## Given entries
(* Let $q$ be a prime power, let $n,k$ be integers with $3\le k\le n-2\le q-2$, and let $h=(k-1)+r$ with $1\le r\le k-2$. Let $\alpha_1,\dots,\alpha_n\in\mathbb{F}_q$ be pairwise distinct, let $G_{h,k}$ be the $k\times n$ matrix whose rows are $(\alpha_1^{e},\dots,\alpha_n^{e})$ for $e=0,1,\dots,k-2$ and $e=h$, let $\mathbf v=(v_1,\dots,v_n)\in(\mathbb{F}_q^* )^n$ and let $C_{h,\mathbf v}$ be the linear code generated by $G_{h,k}\cdot\mathrm{diag}(v_1,\dots,v_n)$. Let $u_i=\prod_{j\ne i}(\alpha_i-\alpha_j)^{-1}$ and $S_t=S_t(\alpha_1,\dots,\alpha_n)$. Then $C_{h,\mathbf v}$ is self-orthogonal if and only if there exists a polynomial $f(x)=\sum_{j=0}^{n-2k-r+1}f_jx^j\in\mathbb{F}_q[x]$ such that (1) $v_i^2=u_if(\alpha_i)$ for all $1\le i\le n$, and (2) $\sum_{j=s}^{s+r}f_jS_{j-s}=0$, where $s=n-2k-2r+1$ and $f_j=0$ for $j<0$.
   Context: Convention: $0^0=1$. $S_t(x_1,\dots,x_m)=\sum_{t_1+\dots+t_m=t,\ t_i\ge0}x_1^{t_1}\cdots x_m^{t_m}$ is the complete homogeneous symmetric polynomial of degree $t$ ($S_0=1$). A linear code $C$ is self-orthogonal if $C\subseteq C^\perp$ (Euclidean dual). *)

From HB Require Import structures.
From mathcomp Require Import all_boot all_order all_algebra.
Set Implicit Arguments. Unset Strict Implicit. Unset Printing Implicit Defensive.
Import Order.TTheory GRing.Theory Num.Theory.
Local Open Scope ring_scope.

Definition complete_hom (F : fieldType) (n : nat) (alpha : 'I_n -> F) (t : nat) : F :=
  \sum_(e : {ffun 'I_n -> 'I_t.+1} | (\sum_(i < n) (e i : nat))%N == t)
     \prod_(i < n) alpha i ^+ e i.

Definition gexp (k h : nat) (i : nat) : nat := if (i < k.-1)%N then i else h.

Definition Ghv (F : fieldType) (n k h : nat) (alpha v : 'I_n -> F) : 'M[F]_(k, n) :=
  \matrix_(i < k, j < n) (alpha j ^+ gexp k h i * v j).

(* The code generated by M is its row space; self-orthogonal: C \subseteq C^perp
   (Euclidean), i.e. any two codewords have zero Euclidean inner product. *)
Definition self_orthogonal (F : fieldType) (k n : nat) (M : 'M[F]_(k, n)) : Prop :=
  forall x y : 'rV[F]_n, (x <= M)%MS -> (y <= M)%MS -> x *m y^T = 0.

Definition uvec (F : fieldType) (n : nat) (alpha : 'I_n -> F) (i : 'I_n) : F :=
  \prod_(j < n | j != i) (alpha i - alpha j)^-1.

Definition coefz (F : fieldType) (f : {poly F}) (z : int) : F :=
  match z with Posz m => f`_m | Negz _ => 0 end.

From HB Require Import structures.
From mathcomp Require Import all_boot all_order all_algebra.
From mathcomp Require Import zify ring.
Import Order.TTheory GRing.Theory Num.Theory.
Local Open Scope ring_scope.

(* Write w_i = v_i^2 and P(e) = sum_i w_i alpha_i^e.  The Gram matrix of
   G_{h,k} diag(v) has entries P(e_i + e_j), and the exponent sums e_i + e_j
   are exactly 0, ..., 2k+r-3 and 2h; so self-orthogonality says P(e) = 0 for
   e < 2k+r-2 and P(2h) = 0.
   The key identity is sum_i u_i alpha_i^N = S_{N-n+1} (zero when N < n-1):
   both sides obey the linear recurrence given by the coefficients of
   prod_j (1 - alpha_j x), whose inverse modulo x^(T+1) is the generating
   series of the S_t, and they agree for N < n by Lagrange interpolation.
   Hence, if w_i = u_i f(alpha_i) with deg f < n, then
   P(e) = sum_j f_j S_{j+e-n+1}.  This is triangular in the coefficients of f,
   so P vanishes below m exactly when deg f < n - m, and P(2h) turns into the
   sum in condition (2). *)

Set Implicit Arguments. Unset Strict Implicit. Unset Printing Implicit Defensive.

Section CongruenceModXn.
Variable R : nzRingType.
Implicit Types p q : {poly R}.

Definition eqmodX (m : nat) p q := forall i, (i < m)%N -> p`_i = q`_i.

Lemma eqmodXM m p p' q q' :
  eqmodX m p p' -> eqmodX m q q' -> eqmodX m (p * q) (p' * q').
Proof.
move=> epp eqq i lt_im; rewrite !coefM; apply: eq_bigr => j _.
have le_ji : (j <= i)%N by rewrite -ltnS.
by rewrite epp ?eqq // (leq_ltn_trans _ lt_im) // leq_subr.
Qed.

Lemma eqmodX_prod m (I : finType) (P Q : I -> {poly R}) :
  (forall i, eqmodX m (P i) (Q i)) -> eqmodX m (\prod_i P i) (\prod_i Q i).
Proof. by move=> ePQ; apply: (big_ind2 (eqmodX m)) => // *; apply: eqmodXM. Qed.

End CongruenceModXn.

Lemma big_ord_int_shift (V : nmodType) (x : int -> V) (N r : nat) (s : int) :
  (forall z, x z != 0 -> (0 <= z < N%:Z) && (s <= z <= s + r%:Z)) ->
  \sum_(j < N) x j%:Z = \sum_(m < r.+1) x (s + m%:Z).
Proof.
move=> supp; pose d (j m : nat) := if j%:Z == s + m%:Z then x j else 0.
transitivity (\sum_(j < N) \sum_(m < r.+1) d j m).
  apply: eq_bigr => j _; have [xj0 | xj_neq0] := eqVneq (x j) 0.
    by rewrite xj0 big1 // => m _; rewrite /d xj0; case: ifP.
  have /andP[_ /andP[le_sj le_jr]] := supp _ xj_neq0.
  have lt_m : (absz (j%:Z - s)%R < r.+1)%N by lia.
  rewrite (bigD1 (Ordinal lt_m)) //= big1 => [|m /eqP ne_m].
    by rewrite addr0 /d ifT //; apply/eqP; lia.
  rewrite /d ifF //; apply/negbTE/eqP => eq_j; apply: ne_m; apply: val_inj => /=; lia.
rewrite exchange_big; apply: eq_bigr => m _.
have [xm0 | xm_neq0] := eqVneq (x (s + m%:Z)) 0.
  by rewrite big1 // => j _; rewrite /d; case: eqP => // ->.
have /andP[/andP[le0 ltN] _] := supp _ xm_neq0.
have lt_j : (absz (s + m%:Z)%R < N)%N by lia.
rewrite (bigD1 (Ordinal lt_j)) //= big1 => [|j /eqP ne_j].
  by rewrite addr0 /d ifT; [congr x; lia | apply/eqP; lia].
rewrite /d ifF //; apply/negbTE/eqP => eq_j; apply: ne_j; apply: val_inj => /=; lia.
Qed.

Section CompleteHomogeneous.
Variables (F : fieldType) (n : nat) (a : 'I_n -> F).

Definition geom (c : F) (T : nat) : {poly F} := \sum_(e < T.+1) (c *: 'X) ^+ e.

Lemma coef_geom c T i : (geom c T)`_i = if (i <= T)%N then c ^+ i else 0.
Proof.
rewrite /geom coef_sum; under eq_bigr => e _ do rewrite exprZn coefZ coefXn.
case: ifPn => [le_iT | lt_Ti]; last first.
  rewrite big1 // => e _; have /negbTE -> : i != e by apply: contraNneq lt_Ti => ->; rewrite -ltnS.
  by rewrite mulr0.
rewrite (bigD1 (Ordinal (le_iT : (i < T.+1)%N))) //= eqxx mulr1 big1 ?addr0 // => e ne_e.
have /negbTE -> : i != e by apply: contraNneq ne_e => eq_ie; apply/eqP/val_inj; rewrite /= eq_ie.
by rewrite mulr0.
Qed.

Lemma geom_telescope c T : (1 - c *: 'X) * geom c T = 1 - (c *: 'X) ^+ T.+1.
Proof. by rewrite /geom -opprB mulNr -subrX1 opprB. Qed.

Definition hom_series (T : nat) : {poly F} := \prod_(j < n) geom (a j) T.

Definition recip_poly : {poly F} := \prod_(j < n) (1 - a j *: 'X).

Lemma coef_hom_series_diag t : (hom_series t)`_t = complete_hom a t.
Proof.
rewrite /hom_series /geom bigA_distr_bigA coef_sum /complete_hom [RHS]big_mkcond /=.
apply: eq_bigr => e _.
under eq_bigr do rewrite exprZn.
rewrite scaler_prod prodrXr coefZ coefXn eq_sym.
by case: eqP; rewrite ?mulr1 ?mulr0.
Qed.

Lemma coef_hom_series t T : (t <= T)%N -> (hom_series T)`_t = complete_hom a t.
Proof.
move=> le_tT; rewrite -coef_hom_series_diag.
apply: (eqmodX_prod (m := t.+1)) (ltnSn t) => j i lt_it.
by rewrite ltnS in lt_it; rewrite !coef_geom lt_it (leq_trans lt_it le_tT).
Qed.

Lemma recip_poly_hom_series T : eqmodX T.+1 (recip_poly * hom_series T) 1.
Proof.
have -> : 1 = \prod_(j < n) (1 : {poly F}) by rewrite big1_eq.
rewrite /recip_poly /hom_series -big_split /=; apply: eqmodX_prod => j i lt_iT.
by rewrite geom_telescope coefB exprZn coefZ coefXn ltn_eqF // mulr0 subr0.
Qed.

Lemma size_prod_1subZX (I : finType) (P : pred I) (c : I -> F) :
  (size (\prod_(i | P i) (1 - c i *: 'X))%R <= #|P|.+1)%N.
Proof.
have coef_1subZX i j : (1 - c i *: 'X : {poly F})`_j = (j == 0)%:R - c i * (j == 1)%:R.
  by rewrite coefB coef1 coefZ coefX.
rewrite size_prod => [|i _]; last first.
  by apply/eqP => /(congr1 (coefp 0)) /eqP; rewrite /= coef_1subZX mulr0 subr0 coef0 oner_eq0.
rewrite leq_subLR addnS ltnS addnn -muln2 -sum_nat_const.
apply: leq_sum => i _; apply/leq_sizeP => -[|[|j]] //= _.
by rewrite coef_1subZX mulr0 subr0.
Qed.

Definition complete_homz (t : int) : F :=
  match t with Posz t => complete_hom a t | Negz _ => 0 end.

Lemma complete_homzE (i j : nat) :
  complete_homz (i%:Z - j%:Z) = if (j <= i)%N then complete_hom a (i - j) else 0.
Proof.
case: leqP => [le_ji | lt_ij]; first by rewrite subzn.
by have -> : i%:Z - j%:Z = Negz (j - i).-1 by lia.
Qed.

Lemma complete_hom0 : complete_hom a 0 = 1.
Proof.
rewrite -coef_hom_series_diag /hom_series /geom.
by under eq_bigr do rewrite big_ord1 expr0; rewrite big1_eq coef1.
Qed.

Lemma recip_poly_complete_hom t :
  (0 < t)%N -> \sum_(i < t.+1) recip_poly`_i * complete_hom a (t - i) = 0.
Proof.
move=> t_gt0; have := recip_poly_hom_series (ltnSn t).
rewrite coefM coef1 gtn_eqF // mulr0n => sum_eq0.
rewrite -[RHS]sum_eq0; apply: eq_bigr => i _.
by rewrite coef_hom_series // leq_subr.
Qed.

Lemma coef0_recip_poly : recip_poly`_0 = 1.
Proof.
rewrite coef0_prod big1 // => j _.
by rewrite coefB coef1 coefZ coefX mulr0 subr0.
Qed.

Lemma recip_poly_power_sum (w : 'I_n -> F) c : (n <= c)%N ->
  \sum_(i < c.+1) recip_poly`_i * (\sum_(l < n) w l * a l ^+ (c - i)) = 0.
Proof.
move=> le_nc; under eq_bigr do rewrite mulr_sumr.
rewrite exchange_big /=; apply: big1 => l _.
set E_l := \prod_(j < n | j != l) (1 - a j *: 'X).
have recipE : recip_poly = (1 - a l *: 'X) * E_l by rewrite /recip_poly (bigD1 l).
have size_E_l : (size E_l <= n)%N.
  apply: leq_trans (size_prod_1subZX _ _) _.
  by rewrite cardC1 card_ord prednK // (leq_ltn_trans _ (ltn_ord l)).
transitivity (w l * (recip_poly * geom (a l) c)`_c).
  rewrite coefM mulr_sumr; apply: eq_bigr => i _.
  by rewrite coef_geom leq_subr mulrCA.
rewrite recipE mulrAC geom_telescope mulrBl mul1r coefB exprZn -scalerAl coefZ coefXnM ltnSn.
by rewrite mulr0 subr0 nth_default ?mulr0 // (leq_trans size_E_l).
Qed.

Lemma complete_homz_recurrence c : (0 < n)%N -> (n <= c)%N ->
  \sum_(i < c.+1) recip_poly`_i * complete_homz ((c - i).+1%:Z - n%:Z) = 0.
Proof.
move=> n_gt0 le_nc; set t := (c.+1 - n)%N.
have t_gt0 : (0 < t)%N by rewrite subn_gt0.
rewrite -[RHS](recip_poly_complete_hom t_gt0).
rewrite (big_ord_widen c.+1 (fun i => recip_poly`_i * complete_hom a (t - i))); last first.
  by rewrite /t; lia.
rewrite [RHS]big_mkcond /=; apply: eq_bigr => i _; rewrite complete_homzE.
have le_ic : (i <= c)%N by rewrite -ltnS.
have -> : (n <= (c - i).+1)%N = (i < t.+1)%N by rewrite /t; lia.
by case: ifP => [_|_]; rewrite ?mulr0 // /t; congr (_ * complete_hom _ _); lia.
Qed.

End CompleteHomogeneous.

Section LagrangeNodes.
Variables (F : fieldType) (n : nat) (a : 'I_n -> F).
Hypothesis a_inj : injective a.

Definition lagrange_num (l : 'I_n) : {poly F} := \prod_(j < n | j != l) ('X - (a j)%:P).

Lemma uvec_neq0 l : uvec a l != 0.
Proof.
rewrite /uvec prodfV invr_eq0; apply/prodf_neq0 => j ne_jl.
by rewrite subr_eq0 (inj_eq a_inj) eq_sym.
Qed.

Lemma horner_lagrange_num l i :
  (lagrange_num l).[a i] = if i == l then (uvec a l)^-1 else 0.
Proof.
rewrite /lagrange_num horner_prod; under eq_bigr do rewrite hornerXsubC.
case: eqP => [-> | /eqP ne_il]; first by rewrite /uvec prodfV invrK.
by rewrite (bigD1 i) //= subrr mul0r.
Qed.

Lemma size_lagrange_num l : size (lagrange_num l) = n.
Proof.
rewrite /lagrange_num -big_filter size_prod_XsubC.
have [_ _ _ [_ ->]] := big_enumP (fun j : 'I_n => j != l).
by rewrite cardC1 card_ord prednK // (leq_ltn_trans _ (ltn_ord l)).
Qed.

Lemma coef_lagrange_num_top l : (lagrange_num l)`_n.-1 = 1.
Proof.
have := monic_prod_XsubC (index_enum 'I_n) (fun j => j != l) a.
by rewrite monicE lead_coefE -/(lagrange_num l) size_lagrange_num => /eqP.
Qed.

Lemma lagrange_interp (p : {poly F}) : (size p <= n)%N ->
  p = \sum_(l < n) (uvec a l * p.[a l]) *: lagrange_num l.
Proof.
move=> size_p; apply/eqP; rewrite -subr_eq0; apply/eqP.
apply: (roots_geq_poly_eq0 (rs := map a (enum 'I_n))).
- apply/allP => _ /mapP[i _ ->]; rewrite /root hornerD hornerN horner_sum.
  rewrite (bigD1 i) //= big1 => [|l ne_li]; last first.
    by rewrite hornerZ horner_lagrange_num eq_sym (negbTE ne_li) mulr0.
  by rewrite hornerZ horner_lagrange_num eqxx addr0 mulrAC divff ?uvec_neq0 // mul1r subrr.
- by rewrite map_inj_uniq ?enum_uniq.
- rewrite size_map size_enum_ord; apply: leq_trans (size_polyD _ _) _.
  rewrite geq_max size_p size_polyN; apply/leq_sizeP => j le_nj.
  rewrite coef_sum big1 // => l _; by rewrite coefZ nth_default ?mulr0 // size_lagrange_num.
Qed.

Lemma sum_uvec_horner (p : {poly F}) : (size p <= n)%N ->
  \sum_(l < n) uvec a l * p.[a l] = p`_n.-1.
Proof.
move=> size_p; rewrite [in RHS](lagrange_interp size_p) coef_sum.
by apply: eq_bigr => l _; rewrite coefZ coef_lagrange_num_top mulr1.
Qed.

End LagrangeNodes.

Section UvecMoments.
Variables (F : fieldType) (n : nat) (a : 'I_n -> F).
Hypothesis a_inj : injective a.
Hypothesis n_gt0 : (0 < n)%N.
(* Let $\tau$ be a type and let $\mathcal F$ be a $2$-capturing construction scheme over $\omega_1$ of type $\tau$. For $\alpha\in\omega_1$ let $f_\alpha:\omega\to\omega$ be $f_\alpha(l)=|(\alpha)_l|$, and let $\mathcal B_{\mathcal F}=\{f_\alpha\}_{\alpha\in\omega_1}$, ordered by $f\le g$ iff $f(n)\le g(n)$ for all $n$. Then $(\mathcal B_{\mathcal F},\le)$ is a sixth Tukey type, i.e. it is a directed partial order of cardinality $\omega_1$ which is not Tukey equivalent to any of $1$, $\omega$, $\omega_1$, $\omega\times\omega_1$, $[\omega_1]^{<\omega}$ (with their natural orders).
   Context: For directed partial orders $D,E$, $E\le_T D$ if there is $\phi:D\to E$ mapping cofinal subsets of $D$ to cofinal subsets of $E$; $E\equiv_T D$ if $E\le_T D$ and $D\le_T E$. A type is a sequence $\tau=\{(m_k,n_{k+1},r_{k+1})\}_{k\in\omega}$ of natural numbers with $m_0=1$; $n_k\ge2$ for $k\ge1$; every $r\in\omega$ equals $r_k$ for infinitely many $k$; $m_k>r_{k+1}$; and $m_{k+1}=r_{k+1}+(m_k-r_{k+1})n_{k+1}$ for all $k$. For a set of ordinals $X$ and $\mathcal F\subseteq[X]^{<\omega}$, $\mathcal F_k$ is the set of elements of rank $k$ in $(\mathcal F,\subsetneq)$; $A\sqsubseteq B$ means $A\subseteq B$ and every element of $B$ below an element of $A$ is in $A$; $A<B$ means every element of $A$ is below every element of $B$. $\mathcal F$ is a construction scheme over $X$ of type $\tau$ if (1) every finite subset of $X$ lies in a member of $\mathcal F$; (2) $|F|=m_k$ for $F\in\mathcal F_k$; (3) $E\cap F\sqsubseteq E,F$ for $E,F\in\mathcal F_k$; (4) each $F\in\mathcal F_{k+1}$ is the union of uniquely determined $F_0,\dots,F_{n_{k+1}-1}\in\mathcal F_k$ forming a $\Delta$-system with root $R(F)$, $|R(F)|=r_{k+1}$, $R(F)<F_0\setminus R(F)<\dots<F_{n_{k+1}-1}\setminus R(F)$. Let $\rho(\alpha,\beta)=\min\{k:\exists F\in\mathcal F_k\,(\{\alpha,\beta\}\subseteq F)\}$ and $(\alpha)_k=\{\xi\le\alpha:\rho(\xi,\alpha)\le k\}$. For $l\ge1$, $F\in\mathcal F_l$ and finite $\mathcal C\subseteq[\omega_1]^{<\omega}$: $F$ captures $\mathcal C$ if $|\mathcal C|\le n_l$ and $\mathcal C$ can be enumerated as $\{c_i\}_{i<|\mathcal C|}$ with $c_i\subseteq F_i$, $c_i\setminus R(F)\neq\emptyset$ and $\phi_i[c_0]=c_i$ where $\phi_i:F_0\to F_i$ is the increasing bijection. $\mathcal F$ is $2$-capturing if for every uncountable $S\subseteq[\omega_1]^{<\omega}$ and every $k\in\omega$ there are $\mathcal C\in[S]^2$, $l>k$ and $F\in\mathcal F_l$ capturing $\mathcal C$. *)

(* omega_1 is modelled as an abstract strict well-order (W, lt)
   that is uncountable and all of whose proper initial segments are countable;
   this characterises omega_1 up to isomorphism. *)
From Stdlib Require Import List Arith.
Import ListNotations.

## Exercise brief
The expected answer is one number: the count of lines in the listing that include the string "absz".

## Written response
2